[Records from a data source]
(* Let $\tilde n\ge 1$, and let $\mathbf{S}_{i^*},\mathbf{S}_{2}\in\mathbb{R}^{\tilde n\times\tilde n}$ be two real matrices (the graph matrix of the reference view and the graph matrix of the view to be aligned). Let $\boldsymbol{\Delta}=\{\mathbf{P}\in[0,1]^{\tilde n\times\tilde n}:\ \mathbf{P}\mathbf{1}=\mathbf{1},\ \mathbf{P}^{\top}\mathbf{1}=\mathbf{1}\}$ be the set of doubly stochastic matrices, and let $\boldsymbol{\Gamma}:\mathbb{R}^{\tilde n\times\tilde n}\to\boldsymbol{\Delta}$ be the Euclidean (Frobenius-norm) projection onto $\boldsymbol{\Delta}$. Starting from any $\mathbf{P}^{(0)}\in\boldsymbol{\Delta}$, define the iterates $$\mathbf{P}^{(t+1)}=\tfrac12\Big(\mathbf{P}^{(t)}+\boldsymbol{\Gamma}\big(\mathbf{S}_{2}\,\mathbf{P}^{(t)}\,\mathbf{S}_{i^*}^{\top}\big)\Big),\qquad t=0,1,2,\dots$$ Suppose there is a constant $\varepsilon\ge 0$ such that $\|\mathbf{S}_{i^*}\otimes\mathbf{S}_{2}\|_2\le\varepsilon$, where $\otimes$ is the Kronecker product and $\|\cdot\|_2$ the spectral norm. Then the iteration converges at rate $\tfrac12+\varepsilon$, i.e. for every $t\ge1$, $$\|\mathbf{P}^{(t+1)}-\mathbf{P}^{(t)}\|_F\le\Big(\tfrac12+\varepsilon\Big)\|\mathbf{P}^{(t)}-\mathbf{P}^{(t-1)}\|_F .$$
   Context: This iteration is a projected fixed-point scheme for the relaxed graph-matching problem $\max_{\mathbf{P}\in\boldsymbol{\Delta}}\operatorname{Tr}(\mathbf{S}_{i^*}^{\top}\mathbf{P}^{\top}\mathbf{S}_{2}\mathbf{P})$, whose gradient (up to a constant) is $\mathbf{S}_{2}\mathbf{P}\mathbf{S}_{i^*}^{\top}$. $\|\cdot\|_F$ denotes the Frobenius norm. *)

From mathcomp Require Import all_boot all_order all_algebra.
From mathcomp Require Import mxtens.
From mathcomp Require Import classical_sets reals.
Set Implicit Arguments. Unset Strict Implicit. Unset Printing Implicit Defensive.
Import Order.TTheory GRing.Theory Num.Theory.
Local Open Scope ring_scope.

Definition frob {R : realType} {m n : nat} (A : 'M[R]_(m, n)) : R :=
  Num.sqrt (\sum_(i < m) \sum_(j < n) A i j ^+ 2).

Definition specnorm {R : realType} {m n : nat} (M : 'M[R]_(m, n)) : R :=
  sup [set frob (M *m v) | v in [set v : 'cV[R]_n | frob v <= 1]]%classic.

(* Kronecker product (standard: (A (x) B)_{(i1,i2),(j1,j2)} = A i1 j1 * B i2 j2). *)
Definition kron {R : realType} {m n p q : nat} (A : 'M[R]_(m, n)) (B : 'M[R]_(p, q))
  : 'M[R]_(m * p, n * q) := tensmx A B.

Definition doubly_stochastic {R : realType} {n : nat} (P : 'M[R]_n) : Prop :=
  (forall i j, 0 <= P i j <= 1) /\
  (forall i, \sum_(j < n) P i j = 1) /\
  (forall j, \sum_(i < n) P i j = 1).

Definition is_proj_DS {R : realType} {n : nat} (Gamma : 'M[R]_n -> 'M[R]_n) : Prop :=
  forall X : 'M[R]_n, doubly_stochastic (Gamma X) /\
    (forall Q : 'M[R]_n, doubly_stochastic Q -> frob (X - Gamma X) <= frob (X - Q)).

(* The Frobenius projection onto the convex set of doubly stochastic matrices
   is nonexpansive, and vec (S2 X Si^T) = (Si (x) S2) vec X, so the map
   X |-> Gamma (S2 X Si^T) is eps-Lipschitz for the Frobenius norm.
   Consecutive differences of the averaged iteration therefore contract by
   the factor 1/2 + eps/2 <= 1/2 + eps. *)
From mathcomp Require Import all_boot all_order all_algebra.
From mathcomp Require Import mxtens.
From mathcomp Require Import classical_sets reals.
From mathcomp Require Import ring lra.
Import Order.TTheory GRing.Theory Num.Theory.
Local Open Scope ring_scope.
Local Open Scope classical_set_scope.

Section FrobeniusNorm.
Context {R : realType}.

Definition frob2 {m n : nat} (A : 'M[R]_(m, n)) : R :=
  \sum_(i < m) \sum_(j < n) A i j ^+ 2.

Definition frobdot {m n : nat} (A B : 'M[R]_(m, n)) : R :=
  \sum_(i < m) \sum_(j < n) A i j * B i j.

Lemma cauchy_schwarz (I : finType) (a b : I -> R) :
  (\sum_i a i * b i) ^+ 2 <= (\sum_i a i ^+ 2) * (\sum_i b i ^+ 2).
Proof.
set A := \sum_i a i ^+ 2; set B := \sum_i b i ^+ 2; set C := \sum_i a i * b i.
have B_ge0 : 0 <= B by apply: sumr_ge0 => i _; exact: sqr_ge0.
have [B0 | B_neq0] := eqVneq B 0.
  have b0 i : b i = 0.
    apply/eqP; rewrite -sqrf_eq0; apply/eqP.
    exact: (psumr_eq0P (fun j _ => sqr_ge0 (b j)) B0).
  by rewrite /C big1 ?expr0n ?B0 ?mulr0 // => i _; rewrite b0 mulr0.
have : 0 <= B * (A * B - C ^+ 2).
  have : 0 <= \sum_i (B * a i - C * b i) ^+ 2.
    by apply: sumr_ge0 => i _; exact: sqr_ge0.
  rewrite (eq_bigr (fun i => B ^+ 2 * a i ^+ 2 - (2 * B * C) * (a i * b i)
                             + C ^+ 2 * b i ^+ 2)); last by move=> i _; ring.
  rewrite big_split /= sumrB -!mulr_sumr -/A -/B -/C.
  by congr (0 <= _); ring.
by rewrite pmulr_rge0 ?subr_ge0 // lt_def B_neq0.
Qed.

Section FixedShape.
Context {m n : nat}.
Implicit Types A B : 'M[R]_(m, n).

Lemma frob2_ge0 A : 0 <= frob2 A.
Proof. by apply: sumr_ge0 => i _; apply: sumr_ge0 => j _; exact: sqr_ge0. Qed.

Lemma frob_ge0 A : 0 <= frob A.
Proof. exact: sqrtr_ge0. Qed.

Lemma sqr_frob A : frob A ^+ 2 = frob2 A.
Proof. by rewrite sqr_sqrtr // frob2_ge0. Qed.

Lemma ler_frob A B : (frob A <= frob B) = (frob2 A <= frob2 B).
Proof. by rewrite ler_sqrt // frob2_ge0. Qed.

Lemma frob2D A B : frob2 (A + B) = frob2 A + 2 * frobdot A B + frob2 B.
Proof.
rewrite /frob2 /frobdot mulr_sumr -!big_split; apply: eq_bigr => i _.
by rewrite mulr_sumr -!big_split /=; apply: eq_bigr => j _; rewrite !mxE; ring.
Qed.

Lemma frob2Z c A : frob2 (c *: A) = c ^+ 2 * frob2 A.
Proof.
rewrite /frob2 mulr_sumr; apply: eq_bigr => i _.
by rewrite mulr_sumr; apply: eq_bigr => j _; rewrite !mxE; ring.
Qed.

Lemma frobdotZr c A B : frobdot A (c *: B) = c * frobdot A B.
Proof.
rewrite /frobdot mulr_sumr; apply: eq_bigr => i _.
by rewrite mulr_sumr; apply: eq_bigr => j _; rewrite !mxE; ring.
Qed.

Lemma frobZ c A : frob (c *: A) = `|c| * frob A.
Proof. by rewrite /frob -/(frob2 _) frob2Z sqrtrM ?sqr_ge0 // sqrtr_sqr. Qed.

Lemma frobdot_le A B : frobdot A B <= frob A * frob B.
Proof.
have cs : frobdot A B ^+ 2 <= (frob A * frob B) ^+ 2.
  by rewrite exprMn !sqr_frob /frobdot /frob2 !pair_big; exact: cauchy_schwarz.
have := mulr_ge0 (frob_ge0 A) (frob_ge0 B); nra.
Qed.

Lemma ler_frobD A B : frob (A + B) <= frob A + frob B.
Proof.
rewrite -(ger0_norm (addr_ge0 (frob_ge0 A) (frob_ge0 B))) -sqrtr_sqr.
rewrite ler_sqrt ?sqr_ge0 // -/(frob2 _) frob2D -!sqr_frob.
have := frobdot_le A B; have := frob_ge0 A; have := frob_ge0 B; nra.
Qed.

End FixedShape.

Lemma frob_mulmx_le {m n} (A : 'M[R]_(m, n)) (v : 'cV[R]_n) :
  frob (A *m v) <= frob A * frob v.
Proof.
rewrite -(ger0_norm (mulr_ge0 (frob_ge0 A) (frob_ge0 v))) -sqrtr_sqr.
rewrite ler_sqrt ?sqr_ge0 // exprMn !sqr_frob /frob2 mulr_suml.
apply: ler_sum => i _; rewrite big_ord1 !mxE.
under [X in _ <= _ * X]eq_bigr do rewrite big_ord1.
exact: cauchy_schwarz.
Qed.

Lemma frob_mulmx_specnorm {m n} (A : 'M[R]_(m, n)) (v : 'cV[R]_n) :
  frob (A *m v) <= specnorm A * frob v.
Proof.
have [v0 | v_neq0] := eqVneq (frob v) 0.
  by have := frob_mulmx_le A v; rewrite v0 !mulr0.
have v_gt0 : 0 < frob v by rewrite lt_def v_neq0 frob_ge0.
have bounded :
    has_ubound [set frob (A *m u) | u in [set u : 'cV[R]_n | frob u <= 1]].
  exists (frob A) => _ [u u_le1 <-].
  by rewrite (le_trans (frob_mulmx_le A u)) // ler_piMr ?frob_ge0.
have : frob (A *m ((frob v)^-1 *: v)) <= specnorm A.
  apply: (ub_le_sup bounded); exists ((frob v)^-1 *: v) => //=.
  by rewrite frobZ ger0_norm ?invr_ge0 ?frob_ge0 // mulVf.
rewrite -scalemxAr frobZ ger0_norm ?invr_ge0 ?frob_ge0 //.
by rewrite ler_pdivrMl // mulrC.
Qed.

End FrobeniusNorm.

Section Vectorization.
Context {R : realType}.

Definition vecmx {m n : nat} (X : 'M[R]_(m, n)) : 'cV[R]_(n * m) :=
  \col_k X (mxtens_unindex k).2 (mxtens_unindex k).1.

Lemma sum_mxtens_index m n (F : 'I_(m * n) -> R) :
  \sum_k F k = \sum_(i < m) \sum_(j < n) F (mxtens_index (i, j)).
Proof.
rewrite pair_big (reindex (@mxtens_index m n)) /=.
  by apply: eq_bigr => -[i j].
exact: onW_bij (Bijective (@mxtens_indexK m n) (@mxtens_unindexK m n)).
Qed.

Lemma frob_vecmx {m n} (X : 'M[R]_(m, n)) : frob (vecmx X) = frob X.
Proof.
rewrite /frob sum_mxtens_index exchange_big /=.
by congr Num.sqrt; apply: eq_bigr => i _; apply: eq_bigr => j _;
  rewrite big_ord1 mxE mxtens_indexK.
Qed.

Lemma kron_mulmx_vecmx {m n p q} (A : 'M[R]_(p, n)) (B : 'M[R]_(q, m))
    (X : 'M[R]_(m, n)) :
  kron A B *m vecmx X = vecmx (B *m X *m A^T).
Proof.
apply/matrixP => k l; case: (mxtens_indexP k) => i1 i2.
rewrite /kron !mxE sum_mxtens_index !mxtens_indexK /=.
apply: eq_bigr => j1 _; rewrite !mxE mulr_suml; apply: eq_bigr => j2 _.
by rewrite tensmxE !mxE mxtens_indexK /=; ring.
Qed.

Lemma frob_mulmx2_specnorm {m n p q} (A : 'M[R]_(p, n)) (B : 'M[R]_(q, m))
    (X : 'M[R]_(m, n)) :
  frob (B *m X *m A^T) <= specnorm (kron A B) * frob X.
Proof.
by rewrite -frob_vecmx -kron_mulmx_vecmx -(frob_vecmx X) frob_mulmx_specnorm.
Qed.

End Vectorization.

Lemma ler0_of_le_small_scales (R : realFieldType) (c b : R) : 0 <= b ->
  (forall s, 0 < s <= 1 -> c <= s * b) -> c <= 0.
Proof.
move=> b_ge0 small; rewrite leNgt; apply/negP => c_gt0.
have cb_gt0 : 0 < c + b by lra.
have s_gt0 : 0 < c / (c + b) by rewrite divr_gt0.
have s_le1 : c / (c + b) <= 1 by rewrite ler_pdivrMr // mul1r lerDl.
have := small _ (introT andP (conj s_gt0 s_le1)).
rewrite mulrAC ler_pdivlMr //; nra.
Qed.

Section ConvexProjection.
Variables (R : realType) (m n : nat).
Variable C : 'M[R]_(m, n) -> Prop.
Variable proj : 'M[R]_(m, n) -> 'M[R]_(m, n).
Hypothesis C_convex :
  forall {p q} s, C p -> C q -> 0 <= s <= 1 -> C (p + s *: (q - p)).
Hypothesis proj_mem : forall X, C (proj X).
Hypothesis proj_min : forall X {Q}, C Q -> frob (X - proj X) <= frob (X - Q).

Lemma proj_obtuse X Q : C Q -> frobdot (X - proj X) (Q - proj X) <= 0.
Proof.
move=> CQ; set U := X - proj X; set V := Q - proj X.
apply: (@ler0_of_le_small_scales _ _ (2^-1 * frob2 V)).
  by rewrite mulr_ge0 ?invr_ge0 ?frob2_ge0.
move=> s /andP[s_gt0 s_le1].
have s01 : 0 <= s <= 1 by rewrite ltW.
have := proj_min X (C_convex s (proj_mem X) CQ s01).
have -> : X - (proj X + s *: (Q - proj X)) = U + (- s) *: V.
  by rewrite /U /V scaleNr opprD addrA.
rewrite -/U ler_frob frob2D frob2Z frobdotZr => h.
have := frob2_ge0 V; nra.
Qed.

Lemma proj_nonexpansive X Y : frob (proj X - proj Y) <= frob (X - Y).
Proof.
have obtX := proj_obtuse X _ (proj_mem Y).
have obtY := proj_obtuse Y _ (proj_mem X).
have decomp : frob2 (X - Y) = frob2 (proj X - proj Y)
    + frob2 ((X - Y) - (proj X - proj Y))
    - 2 * frobdot (X - proj X) (proj Y - proj X)
    - 2 * frobdot (Y - proj Y) (proj X - proj Y).
  rewrite /frob2 /frobdot !mulr_sumr -!big_split /= -!sumrB.
  apply: eq_bigr => i _; rewrite !mulr_sumr -!big_split /= -!sumrB.
  by apply: eq_bigr => j _; rewrite !mxE; ring.
rewrite ler_frob decomp.
have := frob2_ge0 ((X - Y) - (proj X - proj Y)); lra.
Qed.

End ConvexProjection.

Lemma doubly_stochastic_convex (R : realType) n (p q : 'M[R]_n) s :
  doubly_stochastic p -> doubly_stochastic q -> 0 <= s <= 1 ->
  doubly_stochastic (p + s *: (q - p)).
Proof.
move=> [p01 [p_row p_col]] [q01 [q_row q_col]] /andP[s_ge0 s_le1].
have entry i j : (p + s *: (q - p)) i j = p i j + s * (q i j - p i j).
  by rewrite !mxE.
split; [|split].
- move=> i j; rewrite entry.
  have /andP[? ?] := p01 i j; have /andP[? ?] := q01 i j.
  by apply/andP; split; nra.
- move=> i; under eq_bigr do rewrite entry.
  by rewrite big_split /= -mulr_sumr sumrB p_row q_row subrr mulr0 addr0.
- move=> j; under eq_bigr do rewrite entry.
  by rewrite big_split /= -mulr_sumr sumrB p_col q_col subrr mulr0 addr0.
Qed.

Lemma proj_DS_nonexpansive {R : realType} {n} {Gamma : 'M[R]_n -> 'M[R]_n} :
  is_proj_DS Gamma -> forall X Y, frob (Gamma X - Gamma Y) <= frob (X - Y).
Proof.
move=> hG X Y; apply: (@proj_nonexpansive _ _ _ doubly_stochastic).
- exact: doubly_stochastic_convex.
- by move=> Z; case: (hG Z).
- by move=> Z; case: (hG Z).
Qed.

Theorem theorem1 (R : realType) (n : nat) (hn : (1 <= n)%N)
  (Si S2 : 'M[R]_n) (Gamma : 'M[R]_n -> 'M[R]_n) (eps : R) (P : nat -> 'M[R]_n) :
  is_proj_DS Gamma ->
  doubly_stochastic (P 0%N) ->
  (forall t : nat, P t.+1 = 2^-1 *: (P t + Gamma (S2 *m P t *m Si^T))) ->
  0 <= eps ->
  specnorm (kron Si S2) <= eps ->
  forall t : nat, (1 <= t)%N ->
    frob (P t.+1 - P t) <= (2^-1 + eps) * frob (P t - P t.-1).
Proof.
move=> hG _ hP eps_ge0 hK [//|t] _ /=.
set D := P t.+1 - P t.
set E := Gamma (S2 *m P t.+1 *m Si^T) - Gamma (S2 *m P t *m Si^T).
have step : P t.+2 - P t.+1 = 2^-1 *: D + 2^-1 *: E.
  by rewrite [P t.+2]hP /D /E (hP t); apply/matrixP => i j; rewrite !mxE; ring.
have lipschitz : frob E <= eps * frob D.
  rewrite (le_trans (proj_DS_nonexpansive hG _ _)) // -mulmxBl -mulmxBr.
  rewrite (le_trans (frob_mulmx2_specnorm _ _ _)) //.
  by rewrite ler_wpM2r ?frob_ge0.
rewrite step (le_trans (ler_frobD _ _)) // !frobZ ger0_norm ?invr_ge0 ?ler0n //.
have := mulr_ge0 eps_ge0 (frob_ge0 D); lra.
Qed.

> [EXERCISE AIM]:
Would you please copy exactly the part of the entries above that begins at the line containing "(B : 'M[R]_(p, q))" and ends at the line containing "X |-> Gamma", both lines included?

> [EXPECTED ANSWER]:
Definition kron {R : realType} {m n p q : nat} (A : 'M[R]_(m, n)) (B : 'M[R]_(p, q))
  : 'M[R]_(m * p, n * q) := tensmx A B.

Definition doubly_stochastic {R : realType} {n : nat} (P : 'M[R]_n) : Prop :=
  (forall i j, 0 <= P i j <= 1) /\
  (forall i, \sum_(j < n) P i j = 1) /\
  (forall j, \sum_(i < n) P i j = 1).

Definition is_proj_DS {R : realType} {n : nat} (Gamma : 'M[R]_n -> 'M[R]_n) : Prop :=
  forall X : 'M[R]_n, doubly_stochastic (Gamma X) /\
    (forall Q : 'M[R]_n, doubly_stochastic Q -> frob (X - Gamma X) <= frob (X - Q)).

(* The Frobenius projection onto the convex set of doubly stochastic matrices
   is nonexpansive, and vec (S2 X Si^T) = (Si (x) S2) vec X, so the map
   X |-> Gamma (S2 X Si^T) is eps-Lipschitz for the Frobenius norm.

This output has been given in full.